━━━━━ Information supplied ━━━━━
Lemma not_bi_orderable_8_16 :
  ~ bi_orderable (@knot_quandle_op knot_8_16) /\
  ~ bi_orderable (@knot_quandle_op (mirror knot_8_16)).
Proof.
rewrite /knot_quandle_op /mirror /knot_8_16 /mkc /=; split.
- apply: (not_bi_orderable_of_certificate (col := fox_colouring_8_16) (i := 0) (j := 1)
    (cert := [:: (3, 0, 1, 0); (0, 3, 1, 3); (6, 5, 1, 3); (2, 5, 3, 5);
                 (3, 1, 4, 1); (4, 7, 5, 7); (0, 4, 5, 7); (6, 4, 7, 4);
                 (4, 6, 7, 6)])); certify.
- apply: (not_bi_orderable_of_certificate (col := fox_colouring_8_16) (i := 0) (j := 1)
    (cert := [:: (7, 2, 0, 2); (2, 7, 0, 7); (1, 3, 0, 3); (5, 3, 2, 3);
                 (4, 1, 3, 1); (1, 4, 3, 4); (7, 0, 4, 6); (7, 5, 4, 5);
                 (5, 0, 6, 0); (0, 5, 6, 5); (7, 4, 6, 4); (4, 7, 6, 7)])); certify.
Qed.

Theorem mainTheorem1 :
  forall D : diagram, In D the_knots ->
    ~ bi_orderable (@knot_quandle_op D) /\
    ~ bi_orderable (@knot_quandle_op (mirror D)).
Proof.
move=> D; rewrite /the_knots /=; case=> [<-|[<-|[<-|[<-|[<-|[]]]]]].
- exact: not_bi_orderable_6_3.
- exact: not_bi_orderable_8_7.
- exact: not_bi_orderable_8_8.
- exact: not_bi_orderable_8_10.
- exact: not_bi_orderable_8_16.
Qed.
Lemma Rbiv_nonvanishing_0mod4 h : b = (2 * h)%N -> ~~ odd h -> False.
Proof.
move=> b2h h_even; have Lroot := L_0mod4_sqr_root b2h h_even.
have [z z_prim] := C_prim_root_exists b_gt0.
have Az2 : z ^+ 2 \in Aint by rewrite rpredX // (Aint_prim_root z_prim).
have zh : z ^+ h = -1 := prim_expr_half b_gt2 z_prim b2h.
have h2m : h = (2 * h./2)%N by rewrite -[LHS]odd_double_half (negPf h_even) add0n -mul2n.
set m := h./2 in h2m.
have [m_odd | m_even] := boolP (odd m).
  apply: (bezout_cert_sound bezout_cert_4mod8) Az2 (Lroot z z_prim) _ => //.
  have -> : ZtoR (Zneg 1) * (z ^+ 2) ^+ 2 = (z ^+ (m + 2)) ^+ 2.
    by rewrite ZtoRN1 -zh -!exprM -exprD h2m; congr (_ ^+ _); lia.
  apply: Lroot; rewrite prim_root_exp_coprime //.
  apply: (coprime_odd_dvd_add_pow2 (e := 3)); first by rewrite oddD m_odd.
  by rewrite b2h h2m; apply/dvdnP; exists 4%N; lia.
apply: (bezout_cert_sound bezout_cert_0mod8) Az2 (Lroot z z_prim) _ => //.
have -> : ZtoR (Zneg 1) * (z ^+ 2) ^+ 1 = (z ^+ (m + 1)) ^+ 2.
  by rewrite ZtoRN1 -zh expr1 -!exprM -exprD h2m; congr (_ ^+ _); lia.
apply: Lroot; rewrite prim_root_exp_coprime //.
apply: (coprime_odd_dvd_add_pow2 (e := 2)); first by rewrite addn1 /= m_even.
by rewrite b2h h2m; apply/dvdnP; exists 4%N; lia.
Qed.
━━━━━
━━━━━ Information supplied ━━━━━
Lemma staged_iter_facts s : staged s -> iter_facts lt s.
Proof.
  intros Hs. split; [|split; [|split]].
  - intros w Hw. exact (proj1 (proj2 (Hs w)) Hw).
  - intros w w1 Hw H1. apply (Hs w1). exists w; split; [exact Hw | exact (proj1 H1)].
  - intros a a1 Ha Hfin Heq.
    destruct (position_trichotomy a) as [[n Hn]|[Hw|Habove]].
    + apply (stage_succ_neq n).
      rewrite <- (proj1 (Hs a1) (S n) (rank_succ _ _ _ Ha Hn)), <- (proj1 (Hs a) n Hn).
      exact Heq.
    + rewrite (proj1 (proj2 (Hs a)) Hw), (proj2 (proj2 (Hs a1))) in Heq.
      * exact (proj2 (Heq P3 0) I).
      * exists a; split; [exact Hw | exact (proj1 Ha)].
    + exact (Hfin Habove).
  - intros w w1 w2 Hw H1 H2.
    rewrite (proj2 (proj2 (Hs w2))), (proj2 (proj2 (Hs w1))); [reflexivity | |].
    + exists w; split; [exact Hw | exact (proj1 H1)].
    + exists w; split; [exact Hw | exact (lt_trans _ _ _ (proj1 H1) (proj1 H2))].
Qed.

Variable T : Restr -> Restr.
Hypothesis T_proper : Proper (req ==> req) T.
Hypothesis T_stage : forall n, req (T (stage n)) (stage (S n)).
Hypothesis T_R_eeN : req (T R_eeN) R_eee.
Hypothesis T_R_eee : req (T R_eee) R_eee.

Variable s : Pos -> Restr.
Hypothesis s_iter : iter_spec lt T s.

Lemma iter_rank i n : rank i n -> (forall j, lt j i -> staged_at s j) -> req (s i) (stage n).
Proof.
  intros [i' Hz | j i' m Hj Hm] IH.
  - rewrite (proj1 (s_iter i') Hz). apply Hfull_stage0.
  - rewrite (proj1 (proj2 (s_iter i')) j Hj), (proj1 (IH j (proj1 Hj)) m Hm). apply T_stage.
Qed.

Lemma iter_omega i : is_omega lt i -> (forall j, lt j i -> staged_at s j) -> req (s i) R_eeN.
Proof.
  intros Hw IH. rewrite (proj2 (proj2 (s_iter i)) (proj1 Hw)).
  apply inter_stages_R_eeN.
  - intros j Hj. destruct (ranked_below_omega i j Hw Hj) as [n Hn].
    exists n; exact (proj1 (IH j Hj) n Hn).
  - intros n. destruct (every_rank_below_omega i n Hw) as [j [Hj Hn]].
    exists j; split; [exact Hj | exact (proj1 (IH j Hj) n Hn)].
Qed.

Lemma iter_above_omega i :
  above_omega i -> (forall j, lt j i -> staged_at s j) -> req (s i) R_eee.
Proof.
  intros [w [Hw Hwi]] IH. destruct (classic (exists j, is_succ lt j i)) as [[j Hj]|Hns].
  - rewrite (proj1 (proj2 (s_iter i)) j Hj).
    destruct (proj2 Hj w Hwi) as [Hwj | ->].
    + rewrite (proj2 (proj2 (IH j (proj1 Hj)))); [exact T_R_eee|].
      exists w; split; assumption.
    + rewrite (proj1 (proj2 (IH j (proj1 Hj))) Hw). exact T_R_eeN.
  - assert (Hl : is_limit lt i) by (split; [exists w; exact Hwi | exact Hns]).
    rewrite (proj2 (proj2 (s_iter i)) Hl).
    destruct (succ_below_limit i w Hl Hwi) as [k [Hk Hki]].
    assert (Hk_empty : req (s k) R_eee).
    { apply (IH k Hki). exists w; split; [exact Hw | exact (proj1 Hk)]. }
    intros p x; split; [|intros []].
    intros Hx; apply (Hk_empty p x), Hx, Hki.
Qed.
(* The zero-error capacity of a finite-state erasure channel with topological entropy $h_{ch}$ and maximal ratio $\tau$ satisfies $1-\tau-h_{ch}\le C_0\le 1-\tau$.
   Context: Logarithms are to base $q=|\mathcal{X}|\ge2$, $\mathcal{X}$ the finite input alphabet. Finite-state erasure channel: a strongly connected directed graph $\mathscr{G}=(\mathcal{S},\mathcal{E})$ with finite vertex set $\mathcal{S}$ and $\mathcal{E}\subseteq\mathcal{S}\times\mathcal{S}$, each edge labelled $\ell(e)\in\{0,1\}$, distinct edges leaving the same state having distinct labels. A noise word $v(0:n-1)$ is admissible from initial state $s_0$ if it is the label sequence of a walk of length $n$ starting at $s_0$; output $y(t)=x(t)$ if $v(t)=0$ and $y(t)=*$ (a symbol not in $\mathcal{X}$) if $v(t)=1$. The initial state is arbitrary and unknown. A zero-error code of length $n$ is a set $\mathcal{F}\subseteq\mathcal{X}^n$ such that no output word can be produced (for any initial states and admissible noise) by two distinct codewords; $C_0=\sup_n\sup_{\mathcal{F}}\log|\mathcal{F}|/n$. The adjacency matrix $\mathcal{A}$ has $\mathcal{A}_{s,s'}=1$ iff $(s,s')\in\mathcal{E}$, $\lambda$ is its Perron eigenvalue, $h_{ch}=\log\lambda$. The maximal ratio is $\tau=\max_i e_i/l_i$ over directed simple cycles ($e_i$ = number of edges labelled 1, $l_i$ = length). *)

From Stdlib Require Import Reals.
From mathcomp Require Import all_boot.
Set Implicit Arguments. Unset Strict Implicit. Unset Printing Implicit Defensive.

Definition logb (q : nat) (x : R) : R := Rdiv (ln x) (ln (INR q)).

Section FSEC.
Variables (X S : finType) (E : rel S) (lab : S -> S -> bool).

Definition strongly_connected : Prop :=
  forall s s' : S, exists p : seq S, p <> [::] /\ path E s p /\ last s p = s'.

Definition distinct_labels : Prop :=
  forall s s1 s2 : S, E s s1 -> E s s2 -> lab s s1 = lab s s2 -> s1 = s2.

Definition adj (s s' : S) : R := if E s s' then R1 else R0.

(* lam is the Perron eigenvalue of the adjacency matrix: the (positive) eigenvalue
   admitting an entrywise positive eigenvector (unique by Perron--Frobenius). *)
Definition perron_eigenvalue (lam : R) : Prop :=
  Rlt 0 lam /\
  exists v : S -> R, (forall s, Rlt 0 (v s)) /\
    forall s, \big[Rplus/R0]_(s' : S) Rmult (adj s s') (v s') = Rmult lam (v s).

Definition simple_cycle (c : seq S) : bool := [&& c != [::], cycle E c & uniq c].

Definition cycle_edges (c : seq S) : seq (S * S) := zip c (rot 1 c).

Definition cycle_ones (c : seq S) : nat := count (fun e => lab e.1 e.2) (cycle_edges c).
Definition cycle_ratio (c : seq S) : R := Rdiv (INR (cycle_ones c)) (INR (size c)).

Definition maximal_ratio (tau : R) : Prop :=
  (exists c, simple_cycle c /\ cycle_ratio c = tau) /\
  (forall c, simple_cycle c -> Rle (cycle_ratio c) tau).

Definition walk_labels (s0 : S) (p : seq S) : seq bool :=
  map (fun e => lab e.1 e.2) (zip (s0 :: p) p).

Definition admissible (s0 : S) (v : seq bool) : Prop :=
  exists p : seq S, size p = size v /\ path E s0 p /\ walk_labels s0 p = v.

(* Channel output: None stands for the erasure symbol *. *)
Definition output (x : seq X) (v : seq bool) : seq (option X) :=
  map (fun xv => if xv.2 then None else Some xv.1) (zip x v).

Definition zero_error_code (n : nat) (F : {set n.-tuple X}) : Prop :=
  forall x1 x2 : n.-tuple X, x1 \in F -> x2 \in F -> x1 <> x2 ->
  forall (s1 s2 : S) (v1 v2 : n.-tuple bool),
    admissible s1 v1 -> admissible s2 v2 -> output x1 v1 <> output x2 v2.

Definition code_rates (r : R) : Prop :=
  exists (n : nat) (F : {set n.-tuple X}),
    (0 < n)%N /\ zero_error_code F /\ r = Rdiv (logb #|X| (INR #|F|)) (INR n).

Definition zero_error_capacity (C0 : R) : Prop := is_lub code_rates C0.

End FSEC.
━━━━━
━━━━━ Information supplied ━━━━━
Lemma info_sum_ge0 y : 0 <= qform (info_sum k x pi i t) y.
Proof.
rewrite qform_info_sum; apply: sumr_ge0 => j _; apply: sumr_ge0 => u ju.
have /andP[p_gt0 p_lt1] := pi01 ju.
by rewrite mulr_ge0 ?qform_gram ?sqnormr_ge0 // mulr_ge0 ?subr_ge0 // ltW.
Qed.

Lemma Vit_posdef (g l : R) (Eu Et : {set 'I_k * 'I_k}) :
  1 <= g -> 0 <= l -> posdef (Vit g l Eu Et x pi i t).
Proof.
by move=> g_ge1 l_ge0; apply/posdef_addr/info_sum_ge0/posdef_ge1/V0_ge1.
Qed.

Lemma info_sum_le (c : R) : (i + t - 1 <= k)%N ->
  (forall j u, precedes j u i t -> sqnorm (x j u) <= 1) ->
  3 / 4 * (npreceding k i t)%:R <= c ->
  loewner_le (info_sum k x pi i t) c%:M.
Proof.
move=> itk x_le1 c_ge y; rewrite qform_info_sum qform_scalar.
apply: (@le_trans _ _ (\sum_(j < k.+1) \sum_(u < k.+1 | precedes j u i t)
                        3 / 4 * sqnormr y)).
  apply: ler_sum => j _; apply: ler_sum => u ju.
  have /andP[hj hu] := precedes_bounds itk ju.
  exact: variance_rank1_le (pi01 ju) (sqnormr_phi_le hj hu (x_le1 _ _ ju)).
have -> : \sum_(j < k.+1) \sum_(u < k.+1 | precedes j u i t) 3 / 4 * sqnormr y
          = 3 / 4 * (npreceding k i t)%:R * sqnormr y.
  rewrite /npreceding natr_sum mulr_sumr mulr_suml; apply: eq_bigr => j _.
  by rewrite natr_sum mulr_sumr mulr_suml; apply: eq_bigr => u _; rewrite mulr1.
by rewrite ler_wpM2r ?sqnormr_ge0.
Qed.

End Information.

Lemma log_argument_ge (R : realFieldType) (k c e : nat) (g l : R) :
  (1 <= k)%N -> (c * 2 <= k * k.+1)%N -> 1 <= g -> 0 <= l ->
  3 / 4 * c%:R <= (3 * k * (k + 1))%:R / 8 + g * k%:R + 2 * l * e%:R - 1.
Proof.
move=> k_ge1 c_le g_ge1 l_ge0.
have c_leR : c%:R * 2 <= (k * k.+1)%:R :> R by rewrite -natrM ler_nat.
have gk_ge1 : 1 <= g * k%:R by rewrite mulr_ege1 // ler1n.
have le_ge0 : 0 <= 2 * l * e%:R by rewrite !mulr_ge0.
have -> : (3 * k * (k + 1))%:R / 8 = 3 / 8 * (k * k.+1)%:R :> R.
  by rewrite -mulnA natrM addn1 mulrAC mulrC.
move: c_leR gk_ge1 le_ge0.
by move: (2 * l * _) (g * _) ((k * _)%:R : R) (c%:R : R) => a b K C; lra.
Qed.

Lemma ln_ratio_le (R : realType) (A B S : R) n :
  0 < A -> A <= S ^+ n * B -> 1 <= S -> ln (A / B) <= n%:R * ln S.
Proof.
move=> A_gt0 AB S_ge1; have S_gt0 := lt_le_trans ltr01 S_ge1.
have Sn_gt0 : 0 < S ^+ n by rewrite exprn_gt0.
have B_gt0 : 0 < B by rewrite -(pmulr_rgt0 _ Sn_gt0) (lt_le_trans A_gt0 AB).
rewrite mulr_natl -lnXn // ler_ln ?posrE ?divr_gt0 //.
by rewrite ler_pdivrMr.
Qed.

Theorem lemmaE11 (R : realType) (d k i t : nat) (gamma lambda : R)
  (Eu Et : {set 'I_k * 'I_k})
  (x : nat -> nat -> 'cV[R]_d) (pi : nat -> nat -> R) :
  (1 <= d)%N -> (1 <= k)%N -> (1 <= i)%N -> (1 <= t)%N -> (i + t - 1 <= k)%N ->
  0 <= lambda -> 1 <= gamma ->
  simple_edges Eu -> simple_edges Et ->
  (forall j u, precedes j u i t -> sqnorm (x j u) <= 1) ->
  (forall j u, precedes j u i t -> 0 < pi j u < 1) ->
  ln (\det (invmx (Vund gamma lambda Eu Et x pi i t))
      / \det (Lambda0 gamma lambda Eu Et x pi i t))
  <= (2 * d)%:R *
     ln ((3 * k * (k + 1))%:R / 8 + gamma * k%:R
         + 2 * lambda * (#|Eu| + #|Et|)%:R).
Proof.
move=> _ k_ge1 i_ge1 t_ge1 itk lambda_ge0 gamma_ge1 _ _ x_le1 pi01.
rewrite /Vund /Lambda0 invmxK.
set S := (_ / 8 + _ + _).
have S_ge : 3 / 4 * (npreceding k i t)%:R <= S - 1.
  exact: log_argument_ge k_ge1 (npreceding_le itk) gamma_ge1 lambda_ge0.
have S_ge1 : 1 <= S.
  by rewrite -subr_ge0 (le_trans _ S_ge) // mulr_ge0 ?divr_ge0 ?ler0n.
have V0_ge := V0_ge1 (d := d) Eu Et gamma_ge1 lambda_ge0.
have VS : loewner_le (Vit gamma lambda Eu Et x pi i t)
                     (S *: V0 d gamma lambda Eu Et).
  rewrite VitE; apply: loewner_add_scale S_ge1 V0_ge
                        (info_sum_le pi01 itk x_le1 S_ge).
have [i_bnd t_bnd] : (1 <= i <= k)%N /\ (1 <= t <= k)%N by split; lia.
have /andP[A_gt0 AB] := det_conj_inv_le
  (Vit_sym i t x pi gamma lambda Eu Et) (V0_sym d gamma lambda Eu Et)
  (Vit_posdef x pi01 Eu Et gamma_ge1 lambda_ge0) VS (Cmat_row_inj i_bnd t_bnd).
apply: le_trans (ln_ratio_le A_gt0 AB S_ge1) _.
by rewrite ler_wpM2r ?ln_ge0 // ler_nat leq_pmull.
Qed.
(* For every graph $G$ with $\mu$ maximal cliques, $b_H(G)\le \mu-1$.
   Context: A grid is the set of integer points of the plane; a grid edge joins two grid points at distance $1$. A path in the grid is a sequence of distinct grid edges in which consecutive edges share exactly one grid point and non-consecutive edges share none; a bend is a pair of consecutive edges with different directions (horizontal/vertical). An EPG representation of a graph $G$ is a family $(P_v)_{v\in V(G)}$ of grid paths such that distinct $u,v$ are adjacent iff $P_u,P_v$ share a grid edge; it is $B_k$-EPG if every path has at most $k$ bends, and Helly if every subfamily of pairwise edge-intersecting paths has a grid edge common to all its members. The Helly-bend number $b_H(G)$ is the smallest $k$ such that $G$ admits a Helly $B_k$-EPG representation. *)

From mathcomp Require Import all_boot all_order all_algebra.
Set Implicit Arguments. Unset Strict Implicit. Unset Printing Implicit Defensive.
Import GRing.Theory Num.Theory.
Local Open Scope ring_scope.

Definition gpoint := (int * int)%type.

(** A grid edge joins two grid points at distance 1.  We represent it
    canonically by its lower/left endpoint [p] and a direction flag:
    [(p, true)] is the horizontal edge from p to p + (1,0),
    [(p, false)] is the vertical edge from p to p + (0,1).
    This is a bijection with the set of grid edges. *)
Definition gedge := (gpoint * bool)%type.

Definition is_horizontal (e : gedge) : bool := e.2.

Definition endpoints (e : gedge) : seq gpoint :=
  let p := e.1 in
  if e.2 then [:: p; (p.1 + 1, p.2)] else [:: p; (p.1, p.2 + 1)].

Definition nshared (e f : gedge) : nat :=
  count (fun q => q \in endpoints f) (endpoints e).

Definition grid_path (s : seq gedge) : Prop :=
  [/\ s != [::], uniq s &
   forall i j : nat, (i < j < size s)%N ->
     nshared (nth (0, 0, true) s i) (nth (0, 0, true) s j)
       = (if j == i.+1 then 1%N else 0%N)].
━━━━━
* Work to complete: When you reach the line with "Definition gedge := (gpoint * bool)%type." in the records above, start writing out lines exactly, and stop once the line with "1%N else 0%N)]." has been written; include nothing else.

* Written solution:
Definition gedge := (gpoint * bool)%type.

Definition is_horizontal (e : gedge) : bool := e.2.

Definition endpoints (e : gedge) : seq gpoint :=
  let p := e.1 in
  if e.2 then [:: p; (p.1 + 1, p.2)] else [:: p; (p.1, p.2 + 1)].

Definition nshared (e f : gedge) : nat :=
  count (fun q => q \in endpoints f) (endpoints e).

Definition grid_path (s : seq gedge) : Prop :=
  [/\ s != [::], uniq s &
   forall i j : nat, (i < j < size s)%N ->
     nshared (nth (0, 0, true) s i) (nth (0, 0, true) s j)
       = (if j == i.+1 then 1%N else 0%N)].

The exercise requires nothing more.